Personal Anecdote Time
Re: Dr. Andy's post about compulsory vaccination, I have a couple anecdotes.
When I spent a summer in DC I had the opportunity to attend a congressional hearing on Hormone Replacement Therapy. At one point the committee chairman went on a diatribe about vaccines and autism, and how his grandson is autistic and clearly it's the vaccine's fault. Then he said asked the chairwoman of the heart, lung, and blood institute why the NIH wasn't doing anything about this (gee -- I don't know, because it's the FDA's jurisdiction??). Keep in mind this has nothing to do with Hormone Replacement Therapy, which is for menopausal women.
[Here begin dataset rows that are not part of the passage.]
Lemma Phi_fixpoint_unique v w : mfun01 v -> mfun01 w -> Phi v = v -> Phi w = w -> v = w.
Proof.
move=> v01 w01 Phiv Phiw; apply/funext => x; apply/eqP; rewrite -subr_eq0; apply/eqP.
apply: (@sup_contraction_eq0 _ _ (fun y => v y - w y) 1 (1 + rho)^-1).
- by rewrite invf_lt1 ?addr_gt0 ?ltr01 // ltrDl.
- move=> y; have /andP[v_ge0 v_le1] := v01.2 y; have /andP[w_ge0 w_le1] := w01.2 y.
  by rewrite ler_norml; apply/andP; split; lra.
- by move=> s vw_s y; rewrite -Phiv -Phiw; exact: Phi_contraction.
Qed.

Let Phi_iter n := iter n Phi (cst 0).

Lemma Phi_iter_mfun01 n : mfun01 (Phi_iter n).
Proof.
elim: n => [|n IHn]; last exact: Phi_mfun01.
by apply: mfun01_cst; rewrite lexx ler01.
Qed.

Lemma Phi_iter_nondecreasing x : nondecreasing_seq (Phi_iter ^~ x).
Proof.
apply/nondecreasing_seqP => n; elim: n x => [|n IHn] x.
  by case/andP: ((Phi_iter_mfun01 1).2 x).
exact: le_Phi (Phi_iter_mfun01 _) (Phi_iter_mfun01 _) IHn.
Qed.

Definition Phi_lim x := sup (range (Phi_iter ^~ x)).

Let Phi_iter_ub x : has_ubound (range (Phi_iter ^~ x)).
Proof. by exists 1 => _ [n _ <-]; case/andP: ((Phi_iter_mfun01 n).2 x). Qed.

Lemma cvg_Phi_iter x : Phi_iter n x @[n --> \oo] --> Phi_lim x.
Proof. exact: nondecreasing_cvgn (Phi_iter_nondecreasing x) (Phi_iter_ub x). Qed.

Lemma Phi_iter_le_lim n x : Phi_iter n x <= Phi_lim x.
Proof. by apply: (ub_le_sup (Phi_iter_ub x)); exists n. Qed.

Lemma Phi_lim_mfun01 : mfun01 Phi_lim.
Proof.
split.
  apply: (measurable_fun_cvg (h := Phi_iter)) => [n|x _]; last exact: cvg_Phi_iter.
  exact: (Phi_iter_mfun01 n).1.
move=> x; rewrite (le_trans _ (Phi_iter_le_lim 0 x)) //=.
apply: ge_sup => [|_ [n _ <-]]; first by exists (Phi_iter 0 x), 0%N.
by case/andP: ((Phi_iter_mfun01 n).2 x).
Qed.

Lemma Phi_lim_fixpoint : Phi Phi_lim = Phi_lim.
Proof.
apply/funext => x; have [Msx|Msx] := pselect (Ms x).
  rewrite Phi_in //; apply/le_anti/andP; split; last by case/andP: (Phi_lim_mfun01.2 x).
  by rewrite (le_trans _ (Phi_iter_le_lim 1 x)) //= Phi_in.
have lim_shift : Phi_iter n.+1 x @[n --> \oo] --> Phi_lim x.
  by move: (@cvg_Phi_iter x); rewrite -cvg_shiftS.
have lim_Phi : Phi_iter n.+1 x @[n --> \oo] --> Phi Phi_lim x.
  rewrite Phi_out //; under eq_fun do rewrite /= Phi_out //.
  apply: cvgM (cvg_cst _); apply: cvgD (cvg_cst _) _.
  by apply: cvg_kint Phi_iter_mfun01 Phi_lim_mfun01 _ => //; exact: cvg_Phi_iter.
exact: esym (cvg_unique _ lim_shift lim_Phi).
Qed.

Lemma Phi_unique_fixpoint : exists! v, mfun01 v /\ Phi v = v.
Proof.
exists Phi_lim; split=> [|w [w01 Phiw]]; first exact: (conj Phi_lim_mfun01 Phi_lim_fixpoint).
exact: Phi_fixpoint_unique Phi_lim_mfun01 w01 Phi_lim_fixpoint Phiw.
Qed.

End kernel_fixed_point.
Next in Kate's special anecdote file is the girl who got measles in one of my classes at Santa Cruz. Now, being Santa Cruz and all, this wasn't too terribly surprising (not because there's lots of measles going around, but because there's a lot of ultra-natural people). But a 20 year-old got measles! It's ridiculous.
The main issue I have with "conscientious objections" to immunization is the person who it really affects isn't choosing at all. They could get something terrible like, say, measles (or heaven forbid, Hepatitis B), down the road because of their parent's scientifically unfounded beliefs.
Fortunately we're fine as long as the vast majority are vaccinated. Who knows where my classmate got measles from, but she didn't spread it to anyone else.
Fortunately we're fine as long as the vast majority are vaccinated. Who knows where my classmate got measles from, but she didn't spread it to anyone else.
As vaccines are not 100% effective, the presence of an unvaccinated child or children significantly increases the risk of contraction of the disease to child who has been unsuccessfully immunized (meaning: vaccinated but it didn't take).
The main focus of the argument against the individual objector is not the risk to that individual child (although obviously, the risks are significantly higher for them), but rather the risk to the population at large. The reduction in herd immunity protection for society is where the rubber hits the road.
Also, the conscientious objection component of the population, while growing, is still quite small compared to the % of the population who don't get immunized because of difficulty accessing the vaccines.